As we reported this morning, EPA administrator Lisa Jackson was forced to admit she had not even read the Waxman-Markey carbon taxing bill before her agency released a report claiming the economic impact of cap and trade legislation would be “modest.” Asked how the EPA could produce a report on a bill they hadn’t even read yet, Jacson said: “We had to make assumptions.”
What were some of those assumptions? For starters, as University of Colorado professor Roger Pielke notes, the Obama EPA used GDP growth estimates far below those used by the Obama Office of Management and Budget. To make his unprecedented deficit spending look as innocuous as possible, Obama’s OMB used a 3.3% projected GDP growth rate. But Obama’s EPA used a 2.5% GDP growth rate. That may .8 difference may seem small, but applied to the entire economy the smaller EPA estimate means a $1.22 trillion smaller U.S. economy.
So why did Obama’s EPA use smaller GDP growth estimates? Peilke explains:
A lower GDP means fewer emissions. It also means that needed efficiency gains are smaller to meet the same targets. For instance the EPA analysis assumes that the US will see energy intensity improve at a rate faster than the 2.5% per year GDP growth. To maintain the same energy demand figures this rate would have to increase to above 3.3% per year. … The point is that in addition to the “lost” GDP growth, there would be considerable extra costs for emissions reduction (determining how much would require re-running the EPA analysis, but it is safe to say that it would be a lot).

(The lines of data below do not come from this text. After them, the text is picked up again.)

(* Let $v$ be an aperiodic infinite word over $\{0,1\}$ such that $\Phi_{\mathbb{R}}(v)$ exists. Then for all but finitely many $\ell\ge1$, if $u$ denotes the prefix of $v$ of length $\ell$, the series $\Phi_{\mathbb{R}}(u^\infty)$ of the purely periodic word $u^\infty=uuu\cdots$ converges and $$\Phi_{\mathbb{R}}(u^\infty)=C_{\mathbb{R}}(u).$$
   Context: For an infinite $0$-$1$ word $w$ with $1$'s at positions $d_0<d_1<\cdots$, $\Phi_{\mathbb{R}}(w)=-\sum_{i\ge0}2^{d_i}/3^{i+1}$, said to exist if the series converges in $\mathbb{R}$. For a finite word $u$ of length $\ell\ge1$ and height $h$ with $1$'s at positions $d_0<\dots<d_{h-1}$, $\varphi(u)=\sum_{i=0}^{h-1}3^{h-1-i}2^{d_i}$ and $C_{\mathbb{R}}(u)=\varphi(u)/(2^\ell-3^h)$. *)

From Stdlib Require Import Reals Lra Lia Arith List ClassicalEpsilon.
From Coquelicot Require Import Coquelicot.
Open Scope R_scope.

(* Infinite 0-1 words: true = 1, false = 0. *)
Definition word := nat -> bool.

Fixpoint cnt (w : word) (n : nat) : nat :=
  match n with
  | O => O
  | S m => (cnt w m + (if w m then 1 else 0))%nat
  end.

(* d is the position of the i-th 1 (0-indexed), i.e. d = d_i *)
Definition is_one_pos (w : word) (i d : nat) : Prop :=
  w d = true /\ cnt w d = i.

Definition one_pos (w : word) (i : nat) : option nat :=
  match excluded_middle_informative (exists d, is_one_pos w i d) with
  | left H => Some (proj1_sig (constructive_indefinite_description _ H))
  | right _ => None
  end.

(* i-th term 2^{d_i}/3^{i+1} of the series (0 when d_i does not exist) *)
Definition phi_term (w : word) (i : nat) : R :=
  match one_pos w i with
  | Some d => 2 ^ d / 3 ^ (i + 1)
  | None => 0
  end.

Definition PhiR_exists (w : word) : Prop := ex_series (phi_term w).
Definition PhiR (w : word) : R := - Series (phi_term w).

Definition aperiodic (w : word) : Prop :=
  ~ exists p N : nat, (0 < p)%nat /\ forall n, (N <= n)%nat -> w (n + p)%nat = w n.

Definition fword := list bool.
Definition prefix (v : word) (l : nat) : fword := map v (seq 0 l).
(* u^infty = u u u ... (for u nonempty) *)
Definition pow_inf (u : fword) : word := fun n => nth (n mod length u) u false.
Definition fget (u : fword) (n : nat) : bool := nth n u false.
Definition height (u : fword) : nat := length (filter (fun b : bool => b) u).
(* varphi(u) = sum_{i<h} 3^{h-1-i} 2^{d_i}, written as a sum over the
   positions n < length u carrying a 1 (for such n, i = cnt n) *)
Definition varphi (u : fword) : R :=
  fold_right Rplus 0
    (map (fun n => if fget u n
                   then 3 ^ (height u - 1 - cnt (fget u) n) * 2 ^ n
                   else 0)
         (seq 0 (length u))).
Definition CR (u : fword) : R := varphi u / (2 ^ length u - 3 ^ height u).

From Stdlib Require Import Reals Lra Lia Arith List ClassicalEpsilon Classical.
From Coquelicot Require Import Coquelicot.
Open Scope R_scope.

(* Proof idea.  Write d_i for the position of the i-th 1 of a word.

   1. If w is periodic with period p and has h ones in [0,p), then
      d_{i+h} = d_i + p, so the terms of Phi_R(w) satisfy
      t_{i+h} = (2^p/3^h) t_i.  When 2^p < 3^h such a series is a sum of
      geometric progressions: it converges to (t_0+...+t_{h-1})/(1-2^p/3^h),
      which for w = u^infty is exactly C_R(u).  Hence Phi_R(u^infty) = C_R(u)
      as soon as 2^|u| < 3^|u|_1.
   2. If Phi_R(v) converges, its terms 2^{d_i}/3^{i+1} tend to 0, so
      2^{d_i} < 3^i for all i >= N.  An aperiodic word has infinitely many
      ones; for a prefix u of length l > d_N with h ones we have h > N and
      d_h >= l, hence 2^l <= 2^{d_h} < 3^h, and step 1 applies. *)

Lemma cnt_S (w : word) (n : nat) :
  cnt w (S n) = (cnt w n + (if w n then 1 else 0))%nat.
Proof. reflexivity. Qed.

Lemma cnt_mono (w : word) (m n : nat) : (m <= n)%nat -> (cnt w m <= cnt w n)%nat.
Proof. induction 1; auto. rewrite cnt_S; lia. Qed.

Lemma cnt_ext (w w' : word) (n : nat) :
  (forall m, (m < n)%nat -> w m = w' m) -> cnt w n = cnt w' n.
Proof.
  induction n; intros H; simpl; auto.
  rewrite IHn by (intros; apply H; lia). rewrite H by lia. reflexivity.
Qed.

Lemma cnt_periodic (w : word) (p n : nat) :
  (forall m, w (m + p)%nat = w m) -> cnt w (n + p) = (cnt w n + cnt w p)%nat.
Proof. intros H. induction n; simpl; auto. rewrite IHn, H. lia. Qed.

Lemma one_pos_lt_cnt (w : word) (i d n : nat) :
  is_one_pos w i d -> (d < n)%nat -> (i < cnt w n)%nat.
Proof.
  intros [Hd Hc] Hlt. pose proof (cnt_mono w (S d) n Hlt) as Hm.
  rewrite cnt_S, Hd in Hm. lia.
Qed.

Lemma is_one_pos_unique (w : word) (i d d' : nat) :
  is_one_pos w i d -> is_one_pos w i d' -> d = d'.
Proof.
  intros H H'.
  destruct (Nat.lt_total d d') as [Hl|[He|Hl]]; auto.
  - pose proof (one_pos_lt_cnt _ _ _ _ H Hl). destruct H'; lia.
  - pose proof (one_pos_lt_cnt _ _ _ _ H' Hl). destruct H; lia.
Qed.

Lemma one_pos_Some (w : word) (i d : nat) : is_one_pos w i d -> one_pos w i = Some d.
Proof.
  intros H. unfold one_pos.
  destruct excluded_middle_informative as [e|n].
  - f_equal. destruct (constructive_indefinite_description _ e) as [x Hx]. simpl.
    eapply is_one_pos_unique; eauto.
  - exfalso; apply n; eauto.
Qed.

Lemma phi_term_one (w : word) (i d : nat) :
  is_one_pos w i d -> phi_term w i = 2 ^ d / 3 ^ (i + 1).
Proof. intros H. unfold phi_term. now rewrite (one_pos_Some _ _ _ H). Qed.

Lemma phi_term_none (w : word) (i : nat) :
  (forall d, ~ is_one_pos w i d) -> phi_term w i = 0.
Proof.
  intros H. unfold phi_term. destruct (one_pos w i) eqn:E; auto.
  exfalso. apply (H n). unfold one_pos in E.
  destruct excluded_middle_informative as [e|]; [|discriminate].
  destruct (constructive_indefinite_description _ e) as [x Hx]. simpl in E. congruence.
Qed.

Lemma phi_term_ge0 (w : word) (i : nat) : 0 <= phi_term w i.
Proof.
  unfold phi_term. destruct (one_pos w i); [|lra].
  apply Rle_mult_inv_pos; [apply pow_le; lra | apply pow_lt; lra].
Qed.

Fixpoint psum (a : nat -> R) (n : nat) : R :=
  match n with O => 0 | S m => psum a m + a m end.

Lemma psum_sum_f (a : nat -> R) (n : nat) : psum a (S n) = sum_f_R0 a n.
Proof. induction n; simpl in *; [lra|]. now rewrite <- IHn. Qed.

Lemma psum_ext (a b : nat -> R) (n : nat) :
  (forall m, (m < n)%nat -> a m = b m) -> psum a n = psum b n.
Proof. induction n; intros H; simpl; auto. rewrite IHn, H; auto; intros; apply H; lia. Qed.

Lemma psum_mono (a : nat -> R) (m n : nat) :
  (forall i, 0 <= a i) -> (m <= n)%nat -> psum a m <= psum a n.
Proof. intros Ha. induction 1; [lra|]. simpl. specialize (Ha m0). lra. Qed.

Lemma psum_scal (c : R) (a : nat -> R) (n : nat) :
  psum (fun i => c * a i) n = c * psum a n.
Proof. induction n; simpl; [ring|]. rewrite IHn; ring. Qed.

Lemma fold_map_seq (g : nat -> R) (n : nat) :
  fold_right Rplus 0 (map g (seq 0 n)) = psum g n.
Proof.
  induction n; [reflexivity|].
  rewrite seq_S, map_app, fold_right_app. simpl.
  rewrite <- IHn. clear IHn. generalize (g n).
  induction (map g (seq 0 n)); simpl; intros; [ring|]. rewrite IHl. ring.
Qed.

(* The terms of Phi_R indexed by positions rather than by rank:
   position m contributes 2^m/3^{i+1} when it carries the i-th one. *)
Definition pos_term (w : word) (m : nat) : R :=
  if w m then 2 ^ m / 3 ^ (cnt w m + 1) else 0.

Lemma psum_pos_term (w : word) (n : nat) :
  psum (pos_term w) n = psum (phi_term w) (cnt w n).
Proof.
  induction n; simpl; auto.
  unfold pos_term at 2. destruct (w n) eqn:E.
  - rewrite Nat.add_1_r. simpl psum at 2. rewrite IHn. f_equal.
    symmetry. rewrite <- Nat.add_1_r. apply phi_term_one. split; auto.
  - rewrite Nat.add_0_r, IHn. ring.
Qed.

Section GeometricBlocks.
Variables (a : nat -> R) (h : nat) (r : R).
Hypothesis h_pos : (1 <= h)%nat.
Hypothesis r_range : 0 <= r < 1.
Hypothesis a_ge0 : forall i, 0 <= a i.
Hypothesis a_shift : forall i, a (i + h)%nat = r * a i.

Lemma psum_shift_block (n : nat) : psum a (n + h) = psum a h + r * psum a n.
Proof. induction n; simpl; [ring|]. rewrite IHn, a_shift. ring. Qed.

Lemma psum_block_bound (n : nat) : psum a n <= psum a h / (1 - r).
Proof.
  set (A := psum a h).
  assert (HA : 0 <= A) by (apply (psum_mono a 0 h a_ge0); lia).
  assert (HAr : A <= A / (1 - r)).
  { apply (Rmult_le_reg_r (1 - r)); [lra|].
    unfold Rdiv. rewrite Rmult_assoc, Rinv_l by lra. nra. }
  induction n as [n IH] using lt_wf_ind.
  destruct (le_lt_dec h n) as [Hle|Hlt].
  - replace n with ((n - h) + h)%nat by lia. rewrite psum_shift_block.
    specialize (IH (n - h)%nat ltac:(lia)).
    apply Rle_trans with (A + r * (A / (1 - r))); [unfold A in *; nra|].
    right. field. lra.
  - apply Rle_trans with A; auto. apply psum_mono; auto; lia.
Qed.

So in order to get the emissions reduction numbers to work out, Jackson had to shrink the U.S. economy by $1.22 trillion. Pielke writes: “How much is $1.22 trillion? About $11,000 per U.S. household.” In other words, Obama administration EPA administrator Lisa Jackson stole $11,000 from every American household just so the Obama administration could lower world temperatures by 0.14°F.